§ **Exercise data**:
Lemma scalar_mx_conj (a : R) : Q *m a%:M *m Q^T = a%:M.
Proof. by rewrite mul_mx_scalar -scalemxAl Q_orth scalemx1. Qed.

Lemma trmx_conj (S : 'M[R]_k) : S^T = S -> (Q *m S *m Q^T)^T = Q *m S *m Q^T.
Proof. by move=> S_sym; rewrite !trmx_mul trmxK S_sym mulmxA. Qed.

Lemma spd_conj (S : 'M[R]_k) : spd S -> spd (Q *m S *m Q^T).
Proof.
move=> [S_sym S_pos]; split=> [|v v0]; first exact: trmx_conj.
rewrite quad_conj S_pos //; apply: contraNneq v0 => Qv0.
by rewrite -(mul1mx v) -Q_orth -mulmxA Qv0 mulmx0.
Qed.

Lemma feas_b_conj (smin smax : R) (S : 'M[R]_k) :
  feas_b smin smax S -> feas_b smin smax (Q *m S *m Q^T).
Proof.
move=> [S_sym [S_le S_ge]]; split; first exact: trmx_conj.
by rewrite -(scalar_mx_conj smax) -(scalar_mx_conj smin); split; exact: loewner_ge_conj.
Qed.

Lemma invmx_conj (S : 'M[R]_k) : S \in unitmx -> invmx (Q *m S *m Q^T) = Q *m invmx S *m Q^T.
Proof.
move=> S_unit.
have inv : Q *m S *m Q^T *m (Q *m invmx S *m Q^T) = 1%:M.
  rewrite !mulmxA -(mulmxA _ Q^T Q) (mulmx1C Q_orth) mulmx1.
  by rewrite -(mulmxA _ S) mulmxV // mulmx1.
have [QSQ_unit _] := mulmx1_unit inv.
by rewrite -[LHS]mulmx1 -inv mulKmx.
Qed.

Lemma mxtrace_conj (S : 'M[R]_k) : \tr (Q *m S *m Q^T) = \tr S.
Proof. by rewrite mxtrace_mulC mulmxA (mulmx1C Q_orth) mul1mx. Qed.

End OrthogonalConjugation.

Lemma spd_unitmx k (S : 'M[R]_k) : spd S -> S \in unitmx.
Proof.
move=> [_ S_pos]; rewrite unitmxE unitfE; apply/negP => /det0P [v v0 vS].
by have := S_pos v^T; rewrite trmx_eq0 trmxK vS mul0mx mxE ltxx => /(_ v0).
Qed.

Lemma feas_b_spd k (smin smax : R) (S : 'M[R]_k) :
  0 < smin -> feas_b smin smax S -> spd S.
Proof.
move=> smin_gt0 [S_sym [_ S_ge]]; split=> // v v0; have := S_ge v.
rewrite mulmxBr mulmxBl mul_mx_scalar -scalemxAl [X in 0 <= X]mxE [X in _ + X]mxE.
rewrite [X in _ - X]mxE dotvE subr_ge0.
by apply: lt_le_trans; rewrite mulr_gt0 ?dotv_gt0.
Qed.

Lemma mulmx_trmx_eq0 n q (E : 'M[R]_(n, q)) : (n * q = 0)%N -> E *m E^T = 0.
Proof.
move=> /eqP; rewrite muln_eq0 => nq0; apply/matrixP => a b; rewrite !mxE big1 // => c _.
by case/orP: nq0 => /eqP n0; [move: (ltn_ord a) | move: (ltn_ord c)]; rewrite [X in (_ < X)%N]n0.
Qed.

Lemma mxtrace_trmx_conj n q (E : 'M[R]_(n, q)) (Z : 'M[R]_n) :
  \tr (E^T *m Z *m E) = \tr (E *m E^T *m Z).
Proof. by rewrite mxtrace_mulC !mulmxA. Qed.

§ **Problem details**: Isolate each line of the listing above that includes "move". Copy it.

§ **Answer to the exercise**:
Proof. by move=> S_sym; rewrite !trmx_mul trmxK S_sym mulmxA. Qed.
move=> [S_sym S_pos]; split=> [|v v0]; first exact: trmx_conj.
move=> [S_sym [S_le S_ge]]; split; first exact: trmx_conj.
move=> S_unit.
move=> [_ S_pos]; rewrite unitmxE unitfE; apply/negP => /det0P [v v0 vS].
move=> smin_gt0 [S_sym [_ S_ge]]; split=> // v v0; have := S_ge v.
move=> /eqP; rewrite muln_eq0 => nq0; apply/matrixP => a b; rewrite !mxE big1 // => c _.
by case/orP: nq0 => /eqP n0; [move: (ltn_ord a) | move: (ltn_ord c)]; rewrite [X in (_ < X)%N]n0.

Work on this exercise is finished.